*WORK REQUIRED*:
Across the records, count every line that includes "Combinations" and give the number by itself.

*Saved data entries*:
-*-*-

(* Write L for the line {y_i}, C_i = (L - y_i) + x_i for the cocircuits and
   H_i = E - C_i for the complementary hyperplanes.  Three-connectivity forces
   x_i outside L and r(E - L) = r(M); as E - L - x_i lies in H_i, every x_i is a
   coloop of M|(E - L), so the hull is independent.

   A 1- or 2-separation (S, S') of M/x_i lifts to one of M unless x_i is spanned
   by both sides.  Then one side meets L twice, hence spans L, and the other side
   has at most one element z off L; so x_i would be spanned by L + z, which the
   triangles {y_j, z, x_i} (j <> i), each inside the hyperplane H_j, rule out.

   Finally, in M/x_i the further contraction of y_i spans all of L again, so
   (M/x_i)/y_i, with x_i renamed y_j, agrees with M/L on E - L: every minor of
   si(M/L) is a minor of M/x_i. *)

Lemma setDDK (T : finType) (A B : {set T}) : B \subset A -> A :\: (A :\: B) = B.
Proof. by move=> sBA; rewrite setDDr setDv set0U; apply/setIidPr. Qed.

Lemma two_other_ords n (i : 'I_n) : 2 < n ->
  exists j1 j2 : 'I_n, [/\ j1 != i, j2 != i & j1 != j2].
Proof.
move=> n2; have n0 : 0 < n by lia. have n1 : 1 < n by lia.
set a := Ordinal n0; set b := Ordinal n1; set c := Ordinal n2.
case: (eqVneq i a) => [->|ia]; first by exists b, c.
case: (eqVneq i b) => [->|ib]; first by exists a, c.
by exists a, b; rewrite !(eq_sym _ i).
Qed.

Section Minors.
Variables (T : finType) (M : pmat T).
Implicit Types (C D Y Z : {set T}).
(* Let $k$ be odd. Let $F$ be the set of the $2n$ frame positions, partitioned into the $n$ pairs $\{p,p'\}$ where $p,p'\in F$ have the same set $B(p)=B(p')=\{s\}$ and $\{p_s,p'_s\}=\{0,k-1\}$. Then for every combination $g$: $g(F)=F$; $g$ maps each pair onto a pair (so the partition of the $2n$ frame cubies into pairs is preserved, and its index $B_1$ among the $(2n)!/(2^n n!)$ partitions of $2n$ objects into pairs is invariant); and $\operatorname{sgn}(g|_F)\cdot\operatorname{sgn}(\hat g)=1$, where $\hat g$ is the permutation of the set of $n$ pairs induced by $g$ (so $B_2=\operatorname{sgn}(\sigma_c)\operatorname{sgn}(\sigma_p)$ is invariant).
   Context: Fix integers $k\ge2$, $n\ge3$, $M=\{0,\dots,k-1\}$. Positions are $p\in M^n$; $B(p)=\{i:p_i\in\{0,k-1\}\}$. For distinct $i,j$, $\psi_{i,j}:M^n\to M^n$ is $(\psi_{i,j}p)_i=k-1-p_j$, $(\psi_{i,j}p)_j=p_i$, other coordinates unchanged. A move is given by distinct $i,j$ and constants $c_l\in M$ ($l\notin\{i,j\}$): it sends each position $p$ with $p_l=c_l$ ($l\notin\{i,j\}$) to $\psi_{i,j}(p)$ and fixes the other positions; a combination is a finite sequence of moves, regarded as the composite permutation of positions. For odd $k$, the frame positions are those with exactly one coordinate in $\{0,k-1\}$ and all other coordinates equal to $(k-1)/2$. For two states of the frame, $\sigma_c$ denotes the permutation of frame cubies and $\sigma_p$ the permutation of pairs relating them. *)

From mathcomp Require Import all_boot all_order all_fingroup.
Set Implicit Arguments. Unset Strict Implicit. Unset Printing Implicit Defensive.

Definition pos (n k : nat) := {ffun 'I_n -> 'I_k}.

Lemma flip_subproof k (x : 'I_k) : k.-1 - x < k.
Proof. case: x => x /=; case: k => [//|k] _ /=; by rewrite ltnS leq_subr. Qed.

Definition flip k (x : 'I_k) : 'I_k := Ordinal (flip_subproof x).

Definition bnd k (x : 'I_k) : bool := (val x == 0) || (val x == k.-1).
Definition B n k (p : pos n k) : {set 'I_n} := [set i | bnd (p i)].

Definition psi n k (i j : 'I_n) (p : pos n k) : pos n k :=
  [ffun l => if l == i then flip (p j) else if l == j then p i else p l].

(* A move: distinct i, j and constants c_l (l not in {i,j}); the values c i, c j
   are irrelevant. *)
Definition move n k (i j : 'I_n) (c : pos n k) (p : pos n k) : pos n k :=
  if [forall l, (l != i) ==> (l != j) ==> (p l == c l)] then psi i j p else p.

Definition move_data n k := ('I_n * 'I_n * pos n k)%type.

Definition valid_move n k (m : move_data n k) : bool := m.1.1 != m.1.2.

Definition comp_moves n k (ms : seq (move_data n k)) : pos n k -> pos n k :=
  foldr (fun m f => move m.1.1 m.1.2 m.2 \o f) id ms.

Definition is_combination n k (g : {perm pos n k}) : Prop :=
  exists ms : seq (move_data n k), all (@valid_move n k) ms /\ g =1 comp_moves ms.

Definition frame n k : {set pos n k} :=
  [set p | (#|B p| == 1) && [forall i, bnd (p i) || (val (p i) == k.-1./2)]].

Definition paired n k (p q : pos n k) : bool :=
  (B p == B q) &&
  [exists s, (B p == [set s]) &&
     (((val (p s) == 0) && (val (q s) == k.-1)) ||
      ((val (p s) == k.-1) && (val (q s) == 0)))].

Definition frame_pairs n k : {set {set pos n k}} :=
  [set [set p; q] | p in frame n k, q in frame n k & paired p q].

Definition induced n k (g : {perm pos n k}) : {perm {set pos n k}} :=
  actperm ('P^*)%act g.

From mathcomp Require Import all_boot all_order all_fingroup all_algebra.
From mathcomp Require Import zify.
Import GRing.Theory.

(* Frame positions are parametrized by a coordinate s and a side b: the
   endpoint 0 or k-1 in coordinate s and the centre (k-1)/2 elsewhere.  A move
   whose constants c_l are all central acts on them like psi_{i,j}, i.e. as the
   4-cycle (i,0) -> (j,0) -> (i,k-1) -> (j,k-1) -> (i,0), an odd permutation,
   and on the pairs as the transposition of coordinates i and j, also odd;
   every other move fixes the frame pointwise.  So each move lies in the group
   of permutations stabilising the frame and its pairs with equal signs on
   both, and hence so does every combination. *)

Set Implicit Arguments. Unset Strict Implicit. Unset Printing Implicit Defensive.
Local Open Scope group_scope.

Section PermOn.
Variables (T : finType) (S : {set T}).
Implicit Types (p q : {perm T}).

Lemma perm_on_tperm x y : x \in S -> y \in S -> perm_on S (tperm x y).
Proof.
by move=> xS yS; apply: subset_trans (tperm_on x y) _; rewrite subUset !sub1set xS.
Qed.

Lemma astabs_perm_on p q : perm_on S q -> {in S, p =1 q} -> p \in 'N(S | 'P).
Proof.
move=> qS pq; rewrite !inE; apply/subsetP => x xS.
by rewrite inE /= /aperm pq // perm_closed.
Qed.

Lemma restr_perm_on_eq p q : perm_on S q -> {in S, p =1 q} -> restr_perm S p = q.
Proof.
move=> qS pq; have nSp := astabs_perm_on qS pq.
apply/permP => x; have [xS | xNS] := boolP (x \in S).
  by rewrite restr_permE // pq.
by rewrite !(out_perm _ xNS) // restr_perm_on.
Qed.

End PermOn.

Section SignCoherent.
Variables (T : finType) (F : {set T}) (Ps : {set {set T}}).

Local Notation setperm := (actperm 'P^*).

Definition sign_coherent : {set {perm T}} :=
  [set g | [&& g \in 'N(F | 'P), setperm g \in 'N(Ps | 'P) &
              odd_perm (restr_perm F g) == odd_perm (restr_perm Ps (setperm g))]].

Lemma sign_coherentP g :
  reflect [/\ g \in 'N(F | 'P), setperm g \in 'N(Ps | 'P) &
              odd_perm (restr_perm F g) = odd_perm (restr_perm Ps (setperm g))]
          (g \in sign_coherent).
Proof. by rewrite [g \in sign_coherent]inE; apply: (iffP and3P) => -[nFg nPg /eqP]. Qed.

Lemma sign_coherent_group_set : group_set sign_coherent.
Proof.
apply/group_setP; split=> [|g h].
  by apply/sign_coherentP; rewrite !morph1 !group1 !odd_perm1.
move=> /sign_coherentP[nFg nPg sg] /sign_coherentP[nFh nPh sh].
apply/sign_coherentP; rewrite actpermM ?in_setT // !groupM //.
by rewrite !morphM //= !odd_permM sg sh.
Qed.

Canonical sign_coherent_group := Group sign_coherent_group_set.

End SignCoherent.

Section Combinations.
Variables n k : nat.

Lemma flipK : involutive (@flip k).
Proof. by move=> x; apply: val_inj => /=; have := ltn_ord x; lia. Qed.

Lemma psi_inj (i j : 'I_n) : injective (@psi n k i j).
Proof.
move=> p q /ffunP E; apply/ffunP => l.
have Ej : p j = q j by apply: (can_inj flipK); have := E i; rewrite !ffunE eqxx.
have := E l; rewrite !ffunE; case: (eqVneq l i) => [-> _ | _].
  by have := E j; rewrite !ffunE eqxx; case: eqP => [<-|]; rewrite ?Ej.
by case: (eqVneq l j) => [->|].
Qed.

Lemma move_inj (i j : 'I_n) (c : pos n k) : injective (move i j c).
Proof.
have guard_psi p : [forall l, (l != i) ==> (l != j) ==> (psi i j p l == c l)] =
                   [forall l, (l != i) ==> (l != j) ==> (p l == c l)].
  by apply: eq_forallb => l; rewrite ffunE; case: (eqVneq l i) => //= _; case: eqVneq.
move=> p q; rewrite /move.
case gp: [forall l, _]; case gq: [forall l, _] => E //; first exact: psi_inj E.
- by move: gq; rewrite -E guard_psi gp.
- by move: gp; rewrite E guard_psi gq.
Qed.

Definition move_perm (m : move_data n k) : {perm pos n k} :=
  perm (@move_inj m.1.1 m.1.2 m.2).

Lemma combination_in (G : {group {perm pos n k}}) g :
  (forall m, valid_move m -> move_perm m \in G) -> is_combination g -> g \in G.
Proof.
move=> GM [ms [/allP valid g_ms]].
have [h hG ms_h] : exists2 h, h \in G & h =1 comp_moves ms.
  elim: ms valid {g_ms} => [|m ms IH] valid; first by exists 1 => // x; rewrite perm1.
  have [|h hG ms_h] := IH; first by move=> m' m'ms; rewrite valid // inE m'ms orbT.
  exists (h * move_perm m); first by rewrite groupM ?GM ?valid ?mem_head.
  by move=> x; rewrite permM permE ms_h.
by rewrite (_ : g = h) //; apply/permP => x; rewrite g_ms ms_h.
Qed.

End Combinations.

Lemma inducedE n k (g : {perm pos n k}) X : induced g X = g @: X.
Proof. by rewrite /induced actpermE. Qed.

Section Frame.
Variables (n k : nat) (Hk : 2 <= k) (Hodd : odd k).

Lemma lo_subproof : 0 < k. Proof. by case: k Hk. Qed.
Lemma hi_subproof : k.-1 < k. Proof. by case: k Hk. Qed.
Lemma mid_subproof : k.-1./2 < k. Proof. by case: k Hk => // k' _; lia. Qed.

Definition side (b : bool) : 'I_k :=
  if b then Ordinal hi_subproof else Ordinal lo_subproof.
Definition mid : 'I_k := Ordinal mid_subproof.

Lemma side_eq0 b : (val (side b) == 0) = ~~ b.
Proof. by case: b => //=; case: k Hk => [|[|k']]. Qed.

Lemma side_eq_top b : (val (side b) == k.-1) = b.
Proof. by case: b => /=; [rewrite eqxx | case: k Hk => [|[|k']]]. Qed.

Lemma side_inj : injective side.
Proof. by move=> b c /(congr1 (fun x => val x == 0)); rewrite !side_eq0 => /negb_inj. Qed.

Lemma bnd_side b : bnd (side b).
Proof. by rewrite /bnd side_eq0 side_eq_top orNb. Qed.

Lemma bnd_mid : bnd mid = false.
Proof. by rewrite /bnd /=; move: Hk Hodd; case: k => [|[|k']] //=; lia. Qed.

Lemma bndP x : bnd x -> x = side (val x == k.-1).
Proof.
case/orP => /eqP x_end; apply: val_inj; rewrite x_end ?eqxx //=.
by have -> : (0 == k.-1) = false by apply/eqP; lia.
Qed.

Lemma flip_side b : flip (side b) = side (~~ b).
Proof. by apply: val_inj; case: b => /=; rewrite ?subnn ?subn0. Qed.

Lemma flip_mid : flip mid = mid.
Proof. by apply: val_inj => /=; move: Hodd; case: k => //= k'; lia. Qed.

Definition frame_pos (s : 'I_n) (b : bool) : pos n k :=
  [ffun l => if l == s then side b else mid].

Lemma B_frame_pos s b : B (frame_pos s b) = [set s].
Proof.
apply/setP => l; rewrite !inE ffunE.
by case: (l == s); rewrite ?bnd_side ?bnd_mid.
Qed.

Lemma frame_pos_frame s b : frame_pos s b \in frame n k.
Proof.
rewrite inE B_frame_pos cards1 eqxx; apply/forallP => l; rewrite ffunE.
by case: (l == s); rewrite ?bnd_side ?eqxx ?orbT.
Qed.

Lemma frameP p : reflect (exists s b, p = frame_pos s b) (p \in frame n k).
Proof.
apply: (iffP idP) => [|[s [b ->]]]; last exact: frame_pos_frame.
rewrite inE => /andP[/cards1P[s Bs] /forallP onF].
exists s, (val (p s) == k.-1); apply/ffunP => l; rewrite ffunE.
have := onF l; have : l \in B p = (l == s) by rewrite Bs inE.
rewrite inE; case: eqP => [-> /bndP <- // | _ -> /= /eqP l_mid].
exact: val_inj.
Qed.

Lemma eq_frame_pos s b t c :
  (frame_pos s b == frame_pos t c) = (s == t) && (b == c).
Proof.
apply/eqP/andP => [E | [/eqP-> /eqP->] //].
have := congr1 (@B n k) E; rewrite !B_frame_pos => /set1_inj st; subst t; split => //.
by have := congr1 (fun p : pos n k => p s) E; rewrite !ffunE eqxx => /side_inj ->.
Qed.

Lemma paired_frame_pos s b t c :
  paired (frame_pos s b) (frame_pos t c) = (s == t) && (b != c).
Proof.
rewrite /paired !B_frame_pos (inj_eq set1_inj); have [<- /= | //] := eqVneq s t.
apply/existsP/idP => [[s' /andP[/eqP/set1_inj <-]] | bc].
  by rewrite !ffunE eqxx !side_eq0 !side_eq_top; case: b; case: c.
by exists s; rewrite eqxx !ffunE eqxx !side_eq0 !side_eq_top; case: b c bc => -[].
Qed.

Definition frame_pair (s : 'I_n) : {set pos n k} :=
  [set frame_pos s false; frame_pos s true].

Lemma frame_pairsP P : reflect (exists s, P = frame_pair s) (P \in frame_pairs n k).
Proof.
apply: (iffP imset2P) => [[p q pF] | [s ->]].
  rewrite inE => /andP[/frameP[t [c ->]] pq ->]; case/frameP: pF pq => s [b ->].
  rewrite paired_frame_pos => /andP[/eqP <- bc]; exists s.
  by case: b c bc => -[] // _; rewrite setUC.
exists (frame_pos s false) (frame_pos s true) => //; first exact: frame_pos_frame.
by rewrite inE frame_pos_frame paired_frame_pos eqxx.
Qed.

Lemma frame_pair_inj : injective frame_pair.
Proof.
move=> s t E; have : frame_pos s false \in frame_pair t by rewrite -E !inE eqxx.
by rewrite !inE !eq_frame_pos andbT andbF orbF => /eqP.
Qed.

Lemma psi_frame_pos i j s b : i != j ->
  psi i j (frame_pos s b) =
  if s == i then frame_pos j b else if s == j then frame_pos i (~~ b) else frame_pos s b.
Proof.
move=> ij; apply/ffunP => l; rewrite !ffunE.
have [-> | si] := eqVneq s i; [|have [-> | sj] := eqVneq s j]; rewrite ffunE.
all: have [? | li] := eqVneq l i; [subst l|have [? | lj] := eqVneq l j; first subst l].
all: rewrite ?eqxx ?(eq_sym j) ?(eq_sym i s) ?(negbTE ij) ?flip_mid ?flip_side //.
all: by rewrite ?(negbTE si) ?(negbTE sj).
Qed.

Definition central (i j : 'I_n) (c : pos n k) : bool :=
  [forall l, (l != i) ==> (l != j) ==> (c l == mid)].

Lemma move_frame_pos i j c s b : i != j ->
  move i j c (frame_pos s b) =
  if central i j c then psi i j (frame_pos s b) else frame_pos s b.
Proof.
move=> ij; rewrite /move; have [sij | sNij] := boolP (s \in [set i; j]).
  congr (if _ then _ else _); apply: eq_forallb => l; rewrite ffunE.
  case: (eqVneq l i) => //= li; case: (eqVneq l j) => //= lj.
  have /negbTE-> : l != s by apply: contraTneq sij => <-; rewrite !inE negb_or li.
  by rewrite eq_sym.
move: sNij; rewrite !inE negb_or => /andP[si sj].
by rewrite psi_frame_pos // (negbTE si) (negbTE sj) !if_same.
Qed.

(* The 4-cycle (i,false) -> (j,false) -> (i,true) -> (j,true) -> (i,false)
   on frame positions. *)
Definition frame_cycle (i j : 'I_n) : {perm pos n k} :=
  let x := frame_pos i false in
  tperm x (frame_pos j false) * tperm x (frame_pos i true) * tperm x (frame_pos j true).

Lemma frame_cycleE i j s b : i != j ->
  frame_cycle i j (frame_pos s b) = psi i j (frame_pos s b).
Proof.
move=> ij; rewrite psi_frame_pos // !permM !permE /=.
have [-> | si] := eqVneq s i; [|have [-> | sj] := eqVneq s j]; case: b.
all: by do 4 rewrite /= ?eq_frame_pos ?eqxx ?(eq_sym j) ?(negbTE ij) ?(negbTE si) ?(negbTE sj).
Qed.

Lemma frame_cycle_on i j : perm_on (frame n k) (frame_cycle i j).
Proof. by rewrite !perm_onM // perm_on_tperm // frame_pos_frame. Qed.

Lemma odd_frame_cycle i j : i != j -> odd_perm (frame_cycle i j).
Proof. by move=> /negbTE ij; rewrite !odd_permM !odd_tperm !eq_frame_pos ij !eqxx. Qed.

Lemma move_perm_frame i j c : i != j ->
  {in frame n k, move_perm (i, j, c) =1 if central i j c then frame_cycle i j else 1}.
Proof.
move=> ij _ /frameP[s [b ->]]; rewrite permE /= move_frame_pos //.
by case: ifP => _; rewrite ?frame_cycleE ?perm1.
Qed.

Lemma induced_move_perm i j c s : i != j ->
  induced (move_perm (i, j, c)) (frame_pair s) =
  frame_pair (if central i j c then tperm i j s else s).
Proof.
move=> ij; rewrite inducedE /frame_pair imsetU1 imset_set1 !permE /= !move_frame_pos //.
case: ifP => _ //; rewrite !psi_frame_pos //.
case: ifP => _ //; case: ifP => _ //; exact: setUC.
Qed.

Lemma move_perm_frame_pairs i j c : i != j ->
  {in frame_pairs n k, induced (move_perm (i, j, c)) =1
     if central i j c then tperm (frame_pair i) (frame_pair j) else 1}.
Proof.
move=> ij _ /frame_pairsP[s ->]; rewrite induced_move_perm //.
by case: ifP => _; rewrite ?perm1 // (inj_tperm _ _ _ frame_pair_inj).
Qed.

Lemma move_perm_sign_coherent m :
  valid_move m -> move_perm m \in sign_coherent (frame n k) (frame_pairs n k).
Proof.
case: m => [[i j] c] ij.
have agreeF := move_perm_frame c ij; have agreeP := move_perm_frame_pairs c ij.
have onF : perm_on (frame n k) (if central i j c then frame_cycle i j else 1).
  by case: ifP => _; rewrite ?frame_cycle_on ?perm_on1.
have onP : perm_on (frame_pairs n k)
             (if central i j c then tperm (frame_pair i) (frame_pair j) else 1).
  by case: ifP => _; rewrite ?perm_on1 // perm_on_tperm //; apply/frame_pairsP; eexists.
apply/sign_coherentP; split; [exact: astabs_perm_on agreeF | exact: astabs_perm_on agreeP |].
rewrite (restr_perm_on_eq onF agreeF) (restr_perm_on_eq onP agreeP).
by case: ifP => _; rewrite ?odd_perm1 // odd_frame_cycle // odd_tperm (inj_eq frame_pair_inj).
Qed.

End Frame.

Theorem mainTheorem9 (n k : nat) (Hk : 2 <= k) (Hn : 3 <= n) (Hodd : odd k)
  (g : {perm pos n k}) :
  is_combination g ->
  [/\ g @: frame n k = frame n k,
      (forall P, P \in frame_pairs n k -> g @: P \in frame_pairs n k) &
      ((-1) ^+ odd_perm (restr_perm (frame n k) g) *
       (-1) ^+ odd_perm (restr_perm (frame_pairs n k) (induced g)) = 1 :> int)%R].
Proof.
move=> comb_g.
have /sign_coherentP[nFg nPg sg] : g \in sign_coherent (frame n k) (frame_pairs n k).
  exact: combination_in (move_perm_sign_coherent Hk Hodd) comb_g.
split.
- exact: astabs_setact nFg.
- by move=> P PF; rewrite -inducedE (astabs_act P nPg) PF.
- by rewrite -signr_addb sg addbb.
Qed.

-*-*-

*ANSWER TO THIS PROBLEM*:
2